-- WORK REQUIRED --
Repeat nothing but the lines below running from the one containing "Lemma hall_ball_invariant A" to the one containing "have : within S p q \subset". Keep both end lines.

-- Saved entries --
####

(* Let $E$ be a finite set of events with timestamps $\tau(e)\in\mathbb{R}$, let $t_w>0$ be real and $n\ge1$ an integer, and let $\mathcal{I}$ be the family of all $T\subseteq E$ with $|\{e\in T:\tau(e)\in[t,t+t_w)\}|\le n$ for every $t\in\mathbb{R}$. Let $Y\subseteq E$ and let $J_{\min}$, $J_{\max}$ be bases of $Y$ of minimum and maximum cardinality, respectively. For $e\in E$ let $\mathrm{ball}(e)=(\tau(e)-t_w,\tau(e)+t_w)$. Define the DeletionStep, taking a pair $(J_{\min},J_{\max})$ with $J_{\min}\neq\emptyset$ to a pair $(J'_{\min},J'_{\max})$: let $b$ be an element of $J_{\min}$ with minimum timestamp and set $J'_{\min}=J_{\min}\setminus\{b\}$; list the elements of $\{a\in J_{\max}:\tau(a)\in\mathrm{ball}(b)\}$ in increasing order of timestamp and let $J'_{\max}$ be $J_{\max}$ with the first two of these removed (or with all of them removed if there are fewer than two). Then the invariant ''for every $a\in J_{\max}$ there exists $c\in J_{\min}$ with $\tau(c)\in\mathrm{ball}(a)$'' holds for the initial pair $(J_{\min},J_{\max})$, and it also holds (with $J_{\min},J_{\max}$ replaced by the current sets) for the pair obtained after any number of successive iterations of DeletionStep starting from $(J_{\min},J_{\max})$.
   Context: A base of $Y$ is an inclusion-maximal subset $J\subseteq Y$ with $J\in\mathcal{I}$. *)

From HB Require Import structures.
From mathcomp Require Import all_boot all_order all_algebra.
From mathcomp Require Import reals.
Set Implicit Arguments. Unset Strict Implicit. Unset Printing Implicit Defensive.
Import Order.TTheory GRing.Theory Num.Theory.
Local Open Scope ring_scope.

Section Defs.
Variables (R : realType) (T : finType) (tau : T -> R) (tw : R) (n : nat).

Definition indep (S : {set T}) : Prop :=
  forall t : R, (#|[set e in S | ((t <= tau e)%R && (tau e < t + tw)%R)]| <= n)%N.

Definition is_base (Y J : {set T}) : Prop :=
  [/\ J \subset Y, indep J &
      forall J' : {set T}, J \subset J' -> J' \subset Y -> indep J' -> J' = J].

Definition is_min_base (Y J : {set T}) : Prop :=
  is_base Y J /\ forall J', is_base Y J' -> (#|J| <= #|J'|)%N.

Definition is_max_base (Y J : {set T}) : Prop :=
  is_base Y J /\ forall J', is_base Y J' -> (#|J'| <= #|J|)%N.

Definition in_ball (b a : T) : bool := (tau b - tw < tau a) && (tau a < tau b + tw).

(* One DeletionStep from (Jmin, Jmax) to (Jmin', Jmax'); all admissible
   tie-breaking choices are allowed: b is any element of Jmin of minimum
   timestamp, and Rm is the set of the first min(2, |L|) elements of
   L = {a in Jmax | tau a in ball(b)} for some listing in increasing
   order of timestamp. *)
Definition deletion_step (p q : {set T} * {set T}) : Prop :=
  let: (Jmin, Jmax) := p in
  let: (Jmin', Jmax') := q in
  Jmin != set0 /\
  exists b, [/\ b \in Jmin, (forall c, c \in Jmin -> tau b <= tau c),
     Jmin' = Jmin :\ b &
     let L := [set a in Jmax | in_ball b a] in
     exists Rm : {set T},
       [/\ Rm \subset L, #|Rm| = minn 2 #|L|,
           (forall x y, x \in Rm -> y \in L :\: Rm -> tau x <= tau y) &
           Jmax' = Jmax :\: Rm]].

Fixpoint steps (k : nat) (p q : {set T} * {set T}) : Prop :=
  match k with
  | O => q = p
  | S k' => exists r, deletion_step p r /\ steps k' r q
  end.

Definition ball_invariant (p : {set T} * {set T}) : Prop :=
  forall a, a \in p.2 -> exists c, c \in p.1 /\ in_ball a c.

End Defs.

From mathcomp Require Import all_boot all_order all_algebra.
From mathcomp Require Import reals.
From mathcomp Require Import lra zify.
From Stdlib Require Import Classical.
Import Order.TTheory GRing.Theory Num.Theory.
Set Implicit Arguments. Unset Strict Implicit. Unset Printing Implicit Defensive.
Local Open Scope ring_scope.

(* The ball invariant is the case [p = q] of a Hall-type condition: every
   closed time interval [p, q] holds at most twice as many events of J_max as
   J_min has within distance t_w of it.  It holds initially because J_min is
   maximal: every event of J_max outside J_min sits in a full window of J_min,
   which pays for the (at most 2n) events of J_max in two consecutive windows.
   A DeletionStep removes the earliest event b of J_min; the condition forces
   all of J_max to lie after tau b - t_w, and removing the first two events of
   J_max near b restores the count. *)

Lemma card_setU_disjoint (T : finType) (A B : {set T}) :
  (forall x, x \in A -> x \notin B) -> #|A :|: B| = (#|A| + #|B|)%N.
Proof.
move=> dAB; rewrite cardsU; suff -> : A :&: B = set0 by rewrite cards0 subn0.
by apply/setP => x; rewrite !inE; apply/negbTE/andP => -[/dAB/negP].
Qed.

Section HallCondition.
Variables (R : realType) (T : finType) (tau : T -> R) (tw : R).

Definition within (S : {set T}) (p q : R) :=
  [set x in S | (p <= tau x) && (tau x <= q)].

Definition near (S : {set T}) (p q : R) :=
  [set x in S | (p - tw < tau x) && (tau x < q + tw)].

Definition hall_condition (A B : {set T}) :=
  forall p q, (#|within B p q| <= 2 * #|near A p q|)%N.

Lemma hall_ball_invariant A B :
  hall_condition A B -> ball_invariant tau tw (A, B).
Proof.
move=> hAB a aB /=; have := hAB (tau a) (tau a).
have [->|[c]] := set_0Vmem (near A (tau a) (tau a)).
  rewrite cards0 muln0 leqn0 cards_eq0 => /eqP/setP/(_ a).
  by rewrite !inE aB !lexx.
by rewrite !inE => /andP[cA ac] _; exists c.
Qed.

Definition before (S : {set T}) (t : R) := [set x in S | tau x < t].

Definition window (S : {set T}) (t : R) :=
  [set e in S | (t <= tau e) && (tau e < t + tw)].

Lemma base_full_window n Y J z : is_base tau tw n Y J -> z \in Y -> z \notin J ->
  exists t, [/\ t <= tau z, tau z < t + tw & (n <= #|window J t|)%N].
Proof.
move=> [JY Jindep Jmax] zY zJ.
have /not_all_ex_not[t /negP] : ~ indep tau tw n (z |: J).
  move=> zJindep; move/negP: zJ; apply.
  by rewrite -(Jmax (z |: J)) ?setU11 ?subsetUr // subUset sub1set zY.
rewrite -ltnNge => big; have {}big : (n < #|window (z |: J) t|)%N := big.
have [/andP[tz zt]|zt] := boolP ((t <= tau z) && (tau z < t + tw)).
  exists t; split=> //.
  have : window (z |: J) t \subset z |: window J t.
    by apply/subsetP => x; rewrite !inE => /andP[/orP[->|->]] //= ->; rewrite orbT.
  move=> /subset_leq_card; rewrite cardsU1.
  by have := leq_b1 (z \notin window J t); lia.
suff : window (z |: J) t \subset window J t.
  by move=> /subset_leq_card; have : (#|window J t| <= n)%N := Jindep t; lia.
apply/subsetP => x; rewrite !inE => /andP[/orP[/eqP->|->] //].
by rewrite (negbTE zt).
Qed.

Lemma card_within_split S p q t :
  (#|within S p q| <= #|before (within S p q) t| + #|window S t|
     + #|window S (t + tw)%R| + #|within S (t + 2 * tw)%R q|)%N.
Proof.
have : within S p q \subset
    before (within S p q) t :|: window S t :|: window S (t + tw)
      :|: within S (t + 2 * tw) q.
  apply/subsetP => x; rewrite !inE => /and3P[xS px xq]; rewrite xS px xq /=.
  case: ltP => //= tx; case: ltP => //= ttx; case: ltP => //= tx2; rewrite andbT; lra.
move=> /subset_leq_card; move/leq_trans; apply.
apply: leq_trans (leq_card_setU _ _) _; rewrite leq_add2r.
apply: leq_trans (leq_card_setU _ _) _; rewrite leq_add2r.
exact: leq_card_setU.
Qed.

Lemma card_setU_split_at (A B : {set T}) s :
  (forall x, x \in A -> tau x < s) -> (forall x, x \in B -> s <= tau x) ->
  #|A :|: B| = (#|A| + #|B|)%N.
Proof.
move=> As Bs; apply: card_setU_disjoint => x /As xs.
by apply/negP => /Bs; rewrite leNgt xs.
Qed.

Lemma card_near_split S p q t : 0 <= tw -> p - tw < t -> t <= q ->
  (#|before (near S p q) t| + #|window S t|
     + #|near S (t + 2 * tw)%R q| <= #|near S p q|)%N.
Proof.
move=> tw0 pt tq.
rewrite -(@card_setU_split_at _ _ t); first last.
- by move=> x; rewrite !inE => /and3P[].
- by move=> x; rewrite !inE => /andP[].
rewrite -(@card_setU_split_at _ _ (t + tw)); first last.
- by move=> x; rewrite !inE => /and3P[_ tx _]; lra.
- move=> x; rewrite !inE => /orP[/andP[_ xt]|/and3P[]]; lra.
apply: subset_leq_card; apply/subsetP => x; rewrite !inE.
case/orP => [/orP[/andP[/and3P[-> -> ->] //]|/and3P[-> tx xt]]|/and3P[-> tx ->]].
  by rewrite /=; apply/andP; split; lra.
by rewrite /= andbT; lra.
Qed.

Lemma hall_condition_base n (Y J1 J2 : {set T}) : 0 < tw ->
  is_base tau tw n Y J1 -> J2 \subset Y -> indep tau tw n J2 ->
  hall_condition J1 J2.
Proof.
move=> tw0 J1base J2Y J2indep p q.
have [k] := ubnP #|within J2 p q|; elim: k p q => // k IH p q ltk.
have [sub|/subsetPn[z0 z0W z0J1]] := boolP (within J2 p q \subset J1).
  apply: leq_trans (_ : #|near J1 p q| <= _)%N; last by rewrite mulSn leq_addr.
  apply: subset_leq_card; apply/subsetP => x xW.
  move: (subsetP sub x xW) (xW); rewrite !inE => -> /and3P[_ px xq] /=.
  by apply/andP; split; lra.
(* z is the earliest event of J2 in [p, q] missing from J1; its full J1-window
   pays for the events of J2 in [t, t + 2 tw). *)
set D := within J2 p q :\: J1.
have z0D : z0 \in D by rewrite inE z0W z0J1.
have [z zD zmin] := @arg_minP _ R T z0 (fun x => x \in D) tau z0D.
move: (zD); rewrite !inE => /andP[zJ1 /and3P[zJ2 pz zq]].
have [t [tz zt J1full]] := base_full_window J1base (subsetP J2Y z zJ2) zJ1.
have before_z : before (within J2 p q) t \subset before (near J1 p q) t.
  apply/subsetP => x; rewrite !inE => /andP[/and3P[xJ2 px xq] xt].
  have xJ1 : x \in J1.
    apply/negPn/negP => xJ1.
    by have := zmin x; rewrite !inE xJ1 xJ2 px xq => /(_ isT); lra.
  by rewrite xJ1 xt /= andbT; apply/andP; split; lra.
have shrink : (#|within J2 (t + 2 * tw) q| < #|within J2 p q|)%N.
  apply: proper_card; apply/properP; split.
    by apply/subsetP => x; rewrite !inE => /and3P[-> tx ->]; rewrite andbT; lra.
  exists z; first by rewrite !inE zJ2 pz zq.
  by rewrite !inE zJ2 /= negb_and -ltNge; apply/orP; left; lra.
have pt : p - tw < t by lra.
have tq : t <= q by lra.
apply: leq_trans (card_within_split J2 p q t) _.
apply: leq_trans _ (leq_mul (leqnn 2) (card_near_split J1 (ltW tw0) pt tq)).
rewrite !mulnDr; apply: leq_add; last exact: IH (leq_trans shrink ltk).
rewrite -addnA; apply: leq_add.
  by rewrite (leq_trans (subset_leq_card before_z)) // leq_pmull.
by rewrite mul2n -addnn leq_add // (leq_trans (J2indep _) J1full).
Qed.

Lemma hall_stamp_lower_bound A B b :
  hall_condition A B -> (forall c, c \in A -> tau b <= tau c) ->
  forall x, x \in B -> tau b - tw < tau x.
Proof.
move=> hAB bmin x xB; have [c [cA /andP[_ cx]]] := hall_ball_invariant hAB xB.
by have := bmin c cA; lra.
Qed.

Lemma card_near_setD1 (A : {set T}) b p q : b \in A -> p - tw < tau b < q + tw ->
  #|near A p q| = (#|near (A :\ b) p q|).+1.
Proof.
move=> bA bpq; rewrite (cardsD1 b) !inE bA bpq add1n; congr _.+1.
by apply: eq_card => c; rewrite !inE andbA.
Qed.

Section DeletionStep.
Variables (A B : {set T}) (b : T) (Rm : {set T}).
Hypotheses (hAB : hall_condition A B) (bA : b \in A)
  (bmin : forall c, c \in A -> tau b <= tau c).
Let L := [set a in B | in_ball tau tw b a].
Hypothesis RmL : Rm \subset L.

Lemma card_within_delete_ball p q :
  (#|within (B :\: L) p q| <= 2 * #|near (A :\ b) p q|)%N.
Proof.
(* Moving the left end past tau b + tw loses no event of B :\: L and drops b. *)
set p1 := Order.max p (tau b + tw).
have [p_p1 b_p1] : p <= p1 /\ tau b + tw <= p1 by rewrite !le_max !lexx orbT.
have sub1 : within (B :\: L) p q \subset within B p1 q.
  apply/subsetP => x; rewrite !inE.
  move=> /and3P[/andP[xL xB] px ->]; rewrite xB andbT /p1 ge_max px /=.
  move: xL; rewrite xB /in_ball (hall_stamp_lower_bound hAB bmin xB) /= -leNgt.
  by move=> ?; lra.
have near1 : near A p1 q \subset near (A :\ b) p q.
  apply/subsetP => c; rewrite !inE.
  move=> /andP[cA /andP[c1 ->]]; rewrite cA andbT.
  have bc : tau b < tau c by lra.
  rewrite (_ : p - tw < tau c) ?andbT; last by lra.
  by apply: contraTneq bc => ->; rewrite ltxx.
apply: leq_trans (subset_leq_card sub1) (leq_trans (hAB p1 q) _).
by rewrite leq_mul2l subset_leq_card ?orbT.
Qed.

Hypothesis Rm_first :
  forall x y, x \in Rm -> y \in L :\: Rm -> tau x <= tau y.

Lemma within_delete_past p q r :
  r \in Rm -> q < tau r -> within (B :\: Rm) p q = set0.
Proof.
move=> rRm qr; apply/setP => x; rewrite !inE; apply/negbTE/negP.
move=> /and3P[/andP[xRm xB] _ xq].
move: (subsetP RmL r rRm); rewrite inE /in_ball => /andP[_ /andP[_ rb]].
have xL : x \in L :\: Rm.
  by rewrite !inE xRm xB /in_ball (hall_stamp_lower_bound hAB bmin xB) /=; lra.
by have := Rm_first rRm xL; lra.
Qed.

Lemma card_within_delete_pair p q :
  p - tw < tau b < q + tw -> #|Rm| = 2%N -> (forall r, r \in Rm -> tau r <= q) ->
  (#|within (B :\: Rm) p q| <= 2 * #|near (A :\ b) p q|)%N.
Proof.
move=> /andP[pb bq] cardRm Rm_q.
(* Moving the left end down to tau b - tw adds both removed events of B but no
   event of A, all of which lie at or after tau b. *)
set p0 := Order.min p (tau b - tw).
have [p0_p p0_b] : p0 <= p /\ p0 <= tau b - tw by rewrite !ge_min !lexx orbT.
have sub0 : within (B :\: Rm) p q :|: Rm \subset within B p0 q.
  apply/subsetP => x; rewrite !inE => /orP[/and3P[/andP[_ ->] px ->]|xRm].
    by rewrite andbT /=; lra.
  move: (subsetP RmL x xRm); rewrite inE /in_ball => /andP[-> /andP[bx _]].
  by rewrite Rm_q // andbT; lra.
have near0 : (#|near A p0 q| <= #|near A p q|)%N.
  apply: subset_leq_card; apply/subsetP => c; rewrite !inE.
  move=> /andP[cA /andP[_ ->]]; rewrite cA andbT /=.
  by have := bmin cA; lra.
have := subset_leq_card sub0; rewrite card_setU_disjoint; last first.
  by move=> x; rewrite !inE => /and3P[/andP[]].
move: near0; rewrite (card_near_setD1 (p:=p) (q:=q) bA); last by lra.
have := hAB p0 q.
by lia.
Qed.

End DeletionStep.

Lemma hall_deletion_step A B A' B' : hall_condition A B ->
  deletion_step tau tw (A, B) (A', B') -> hall_condition A' B'.
Proof.
move=> hAB [_ [b [bA bmin -> [Rm [RmL cardRm Rm_first ->]]]]] p q.
set L := [set a in B | in_ball tau tw b a] in RmL cardRm Rm_first.
have [smallL|bigL] := ltnP #|L| 2.
  have -> : Rm = L.
    by apply/eqP; rewrite eqEcard RmL cardRm (minn_idPr (ltnW smallL)) /=.
  exact: card_within_delete_ball.
have {}cardRm : #|Rm| = 2%N by rewrite cardRm; apply/minn_idPl.
have [bpq|bfar] := boolP (p - tw < tau b < q + tw); last first.
  have -> : near (A :\ b) p q = near A p q.
    apply/setP => c; rewrite !inE.
    by case: eqVneq => [->|] //=; rewrite (negbTE bfar) andbF.
  apply: leq_trans (hAB p q); apply: subset_leq_card.
  by apply/subsetP => x; rewrite !inE => /and3P[/andP[_ ->] -> ->].
have [/existsP[r /andP[rRm qr]]|] := boolP [exists r in Rm, q < tau r].
  by rewrite (within_delete_past hAB bmin RmL Rm_first _ rRm qr) cards0.
rewrite negb_exists => /forallP Rm_q.
apply: card_within_delete_pair => // r rRm.
by have := Rm_q r; rewrite rRm /= -leNgt.
Qed.


Lemma hall_condition_steps k p q : hall_condition p.1 p.2 ->
  steps tau tw k p q -> hall_condition q.1 q.2.
Proof.
elim: k p => [|k IH] [A B] /= hAB; first by move=> ->.
by case=> -[A' B'] [step rest]; apply: (IH (A', B') (hall_deletion_step hAB step)).
Qed.

End HallCondition.

Theorem lemma3 (R : realType) (T : finType) (tau : T -> R) (tw : R) (n : nat)
  (htw : 0 < tw) (hn : (1 <= n)%N) (Y Jmin Jmax : {set T})
  (hmin : is_min_base tau tw n Y Jmin) (hmax : is_max_base tau tw n Y Jmax) :
  ball_invariant tau tw (Jmin, Jmax) /\
  (forall (k : nat) (q : {set T} * {set T}),
     steps tau tw k (Jmin, Jmax) q -> ball_invariant tau tw q).
Proof.
have hall0 : hall_condition tau tw Jmin Jmax.
  case: hmin => Jmin_base _; case: hmax => [[JmaxY Jmax_indep _] _].
  exact: hall_condition_base htw Jmin_base JmaxY Jmax_indep.
split; first exact: hall_ball_invariant.
move=> k [A B] /(hall_condition_steps (p := (Jmin, Jmax)) hall0).
exact: hall_ball_invariant.
Qed.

####

-- RESULT OF THE TASK --
Lemma hall_ball_invariant A B :
  hall_condition A B -> ball_invariant tau tw (A, B).
Proof.
move=> hAB a aB /=; have := hAB (tau a) (tau a).
have [->|[c]] := set_0Vmem (near A (tau a) (tau a)).
  rewrite cards0 muln0 leqn0 cards_eq0 => /eqP/setP/(_ a).
  by rewrite !inE aB !lexx.
by rewrite !inE => /andP[cA ac] _; exists c.
Qed.

Definition before (S : {set T}) (t : R) := [set x in S | tau x < t].

Definition window (S : {set T}) (t : R) :=
  [set e in S | (t <= tau e) && (tau e < t + tw)].

Lemma base_full_window n Y J z : is_base tau tw n Y J -> z \in Y -> z \notin J ->
  exists t, [/\ t <= tau z, tau z < t + tw & (n <= #|window J t|)%N].
Proof.
move=> [JY Jindep Jmax] zY zJ.
have /not_all_ex_not[t /negP] : ~ indep tau tw n (z |: J).
  move=> zJindep; move/negP: zJ; apply.
  by rewrite -(Jmax (z |: J)) ?setU11 ?subsetUr // subUset sub1set zY.
rewrite -ltnNge => big; have {}big : (n < #|window (z |: J) t|)%N := big.
have [/andP[tz zt]|zt] := boolP ((t <= tau z) && (tau z < t + tw)).
  exists t; split=> //.
  have : window (z |: J) t \subset z |: window J t.
    by apply/subsetP => x; rewrite !inE => /andP[/orP[->|->]] //= ->; rewrite orbT.
  move=> /subset_leq_card; rewrite cardsU1.
  by have := leq_b1 (z \notin window J t); lia.
suff : window (z |: J) t \subset window J t.
  by move=> /subset_leq_card; have : (#|window J t| <= n)%N := Jindep t; lia.
apply/subsetP => x; rewrite !inE => /andP[/orP[/eqP->|->] //].
by rewrite (negbTE zt).
Qed.

Lemma card_within_split S p q t :
  (#|within S p q| <= #|before (within S p q) t| + #|window S t|
     + #|window S (t + tw)%R| + #|within S (t + 2 * tw)%R q|)%N.
Proof.
have : within S p q \subset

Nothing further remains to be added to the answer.